Since our cell images dataset contains a moderate number of training samples and is unbalanced, we implemented the Inception-ResNet V2 and CapsNet on our cell image dataset to provide an extensive evaluation on the state-of-the-art CNNs in addition to ResNets. We followed the implementation details from Szegedy et al. (2017) and Sabour et al. (2017) except for several architecture parameters adapted to our image dimension and dataset size. For example, as a compromise between network complexity and computation power in our machine, we changed the number of kernels in the Inception-ResNets to be 64 if it is larger than 64.

Traditional machine learning methods

To compare with CNNs, we implemented two tree ensemble methods known for very good classification performance in practice: random forests (Breiman, 2001) and extreme gradient boosting (XGBoost) (Chen & Guestrin, 2016). For further comparisons, we also implemented several standard classifiers: linear discriminant analysis, K-nearest neighbor, linear support vector machine and lasso logistic regression (Cover & Hart, 1967; Hearst, Dumais, Osuna, Platt, & Scholkopf, 1998; Lachenbruch & Goldstein, 1979; Tibshirani, 1996). Tuning parameters, such as the numbers of trees in random forest or boosting, were chosen based on the validation dataset, instead of cross-validation, because the DeepYeast validation dataset is large enough (12,500 images). All image data needs be vectorized before use. All classifiers except lasso logistic regression random were implemented using Python Scikit-learn (Pedregosa et al., 2011) while lasso logistic regression was in R glmnet package (Friedman, Hastie, & Tibshirani, 2009).

Feature Extraction and Transfer Learning

Feature extraction

A possible advantage of CNN is feature representation. A trained CNN is also used as a feature extractor or as an initializer for other classifiers to obtain better performance efficiently (Sharif Razavian, Azizpour, Sullivan, & Carlsson, 2014). We hypothesized that its feature extraction could benefit the analysis of other statistical methods. Leveraging CNN’s feature extraction, we replaced the last fully-connected layer of the DeepYeast with random forests or XGBoost. Then we compared the performance against applying those two classifiers from scratch.

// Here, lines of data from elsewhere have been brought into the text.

(* Let $C\colon y^2=f(x)$ be a hyperelliptic curve over $K$ with $f(x)\in\mathcal O_K[x]$. If $d_{\mathcal R}=0$, $v(c_f)=0$ and there is no cluster $\mathfrak s\neq\mathcal R$ with $|\mathfrak s|>g+1$, then $y^2=f(x)$ is a minimal Weierstrass equation for $C$.
   Context: $K$ is a non-archimedean local field with ring of integers $\mathcal O_K$, finite residue field of characteristic $p\ne2$, valuation $v$ on $\bar K$ normalised on $K$. $f$ is separable of degree $2g+1$ or $2g+2$, $g\ge2$ the genus, with leading coefficient $c_f$ and roots $\mathcal R$. Clusters: non-empty $D\cap\mathcal R$ for discs $D=\{x\in\bar K:v(x-z)\ge d\}$; $d_{\mathcal R}=\min_{r,r'\in\mathcal R}v(r-r')$. The discriminant of $y^2=h(x)$ is $16^gc_h^{4g+2}\mathrm{disc}(h/c_h)$; an integral Weierstrass equation for $C$ is a $K$-isomorphic model $y^2=h(x)$, $h\in\mathcal O_K[x]$, and it is minimal if its discriminant has minimal valuation among all integral Weierstrass equations for $C$. *)

From HB Require Import structures.
From mathcomp Require Import all_boot all_order all_algebra.
From mathcomp Require Import separable.
Set Implicit Arguments. Unset Strict Implicit. Unset Printing Implicit Defensive.
Import Order.TTheory GRing.Theory Num.Theory.
Local Open Scope ring_scope.

(* Setting: K a field, L an algebraically closed field with an embedding
   iota : K -> L (playing the role of \bar K; only the algebraic closure of
   iota(K) inside L ever matters), and v : L -> rat a valuation on L
   (its value at 0 is irrelevant: all axioms and uses concern nonzero
   arguments, v(0) = +oo by convention). *)

Section Defs.
Variables (K : fieldType) (L : closedFieldType) (iota : {rmorphism K -> L}).
Variable (v : L -> rat).

Definition vK (a : K) : rat := v (iota a).

Definition is_valuation : Prop :=
  (forall x y : L, x != 0 -> y != 0 -> v (x * y) = v x + v y) /\
  (forall x y : L, x != 0 -> y != 0 -> x + y != 0 ->
      Num.min (v x) (v y) <= v (x + y)).

Definition intK (a : K) : bool := (a == 0) || (0 <= vK a).

Definition vK_cauchy (u : nat -> K) : Prop :=
  forall N : int, exists n0 : nat, forall m n : nat, (n0 <= m)%N -> (n0 <= n)%N ->
    u m = u n \/ N%:~R <= vK (u m - u n).
Definition vK_converges (u : nat -> K) (l : K) : Prop :=
  forall N : int, exists n0 : nat, forall n : nat, (n0 <= n)%N ->
    u n = l \/ N%:~R <= vK (u n - l).

(* K is a non-archimedean local field with valuation v normalised on K
   (discrete, with value group exactly Z), complete, with finite residue
   field O_K / m_K of characteristic different from 2; v on L extends it
   (the extension to the algebraic closure is then the unique one). *)
Definition nonarch_local_field_odd_residue : Prop :=
  is_valuation /\ [/\ 
      (forall a : K, a != 0 -> vK a \is a Num.int),
      (exists pi : K, pi != 0 /\ vK pi = 1),
      (forall u : nat -> K, vK_cauchy u -> exists l, vK_converges u l),
      (exists s : seq K, all intK s /\
          (forall a : K, intK a ->
            exists b, b \in s /\ ((a - b == 0) || (0 < vK (a - b))))) &
      ((2 : K) != 0 /\ vK 2 = 0) ].

Definition intK_poly (h : {poly K}) : Prop := forall i : nat, intK h`_i.

Definition roots_of (h : {poly K}) (rs : seq L) : Prop :=
  map_poly iota h = (iota (lead_coef h)) *: \prod_(r <- rs) ('X - r%:P).

Definition weq_disc (g : nat) (h : {poly K}) (rs : seq L) : L :=
  iota ((16 : K) ^+ g * (lead_coef h) ^+ (4 * g + 2)) *
  \prod_(i < size rs) \prod_(j < size rs | (i < j)%N) (rs`_i - rs`_j) ^+ 2.

Definition in_disc (z : L) (d : rat) (x : L) : bool := (x == z) || (d <= v (x - z)).

Definition disc_cluster (rs : seq L) (z : L) (d : rat) : seq L :=
  [seq r <- rs | in_disc z d r].

Definition depth_R_eq (rs : seq L) (dR : rat) : Prop :=
  (exists r r', [/\ r \in rs, r' \in rs, r != r' & v (r - r') = dR]) /\
  (forall r r', r \in rs -> r' \in rs -> r != r' -> dR <= v (r - r')).

(* the model y^2 = e^2 (cx+d)^(2g+2) f((ax+b)/(cx+d)) *)
Definition weq_transform (g : nat) (f : {poly K}) (a b c d e : K) : {poly K} :=
  (e ^+ 2) *: \sum_(i < (2 * g + 3)%N)
     f`_i *: (('X * a%:P + b%:P) ^+ i * ('X * c%:P + d%:P) ^+ (2 * g + 2 - i)).

(* y^2 = h(x) is an integral Weierstrass equation for C : y^2 = f(x):
   h in O_K[x] and h is K-isomorphic to C via
   (x, y) |-> ((ax+b)/(cx+d), e y/(cx+d)^(g+1)), ad - bc != 0, e != 0 *)
Definition integral_weq_for (g : nat) (f h : {poly K}) : Prop :=
  intK_poly h /\
  exists a b c d e : K, [/\ a * d - b * c != 0, e != 0 &
                          h = weq_transform g f a b c d e].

Although it is in general difficult to interpret specific features extracted in each layer of a CNN, efforts have been made with some progress, such as applying gradient ascent to generate input that activates a kernel, visualizing activation heatmaps after occluding some objects (Yosinski, Clune, Nguyen, Fuchs, & Lipson, 2015; Zeiler & Fergus, 2014). Here, for illustration, we took the simple (and common) approach to visualize the activation in the first and last convolution layers of a CNN.

Transfer learning with pre-trained VGG-19 on ImageNet

We also chose VGG-19 as the feature extractor as its convolutional layer alignment is similar to the DeepYeast model (Table 2). As VGG-19 was trained on ImageNet, the re-use of it in our data is transfer learning (Pan & Yang, 2010; Simonyan & Zisserman, 2014). We obtained the pre-trained VGG-19 model (available from the Keras library and trained on ImageNet) to extract image features from DeepYeast training data. Extracted features by VGG-19’s convolutional parts were fed into subsequent classifiers including fully connected layers, random forests and gradient boosting. For fully connected classifiers, we trained for 65,000 iterations and use validation dataset to select model iteration with the best validation accuracy.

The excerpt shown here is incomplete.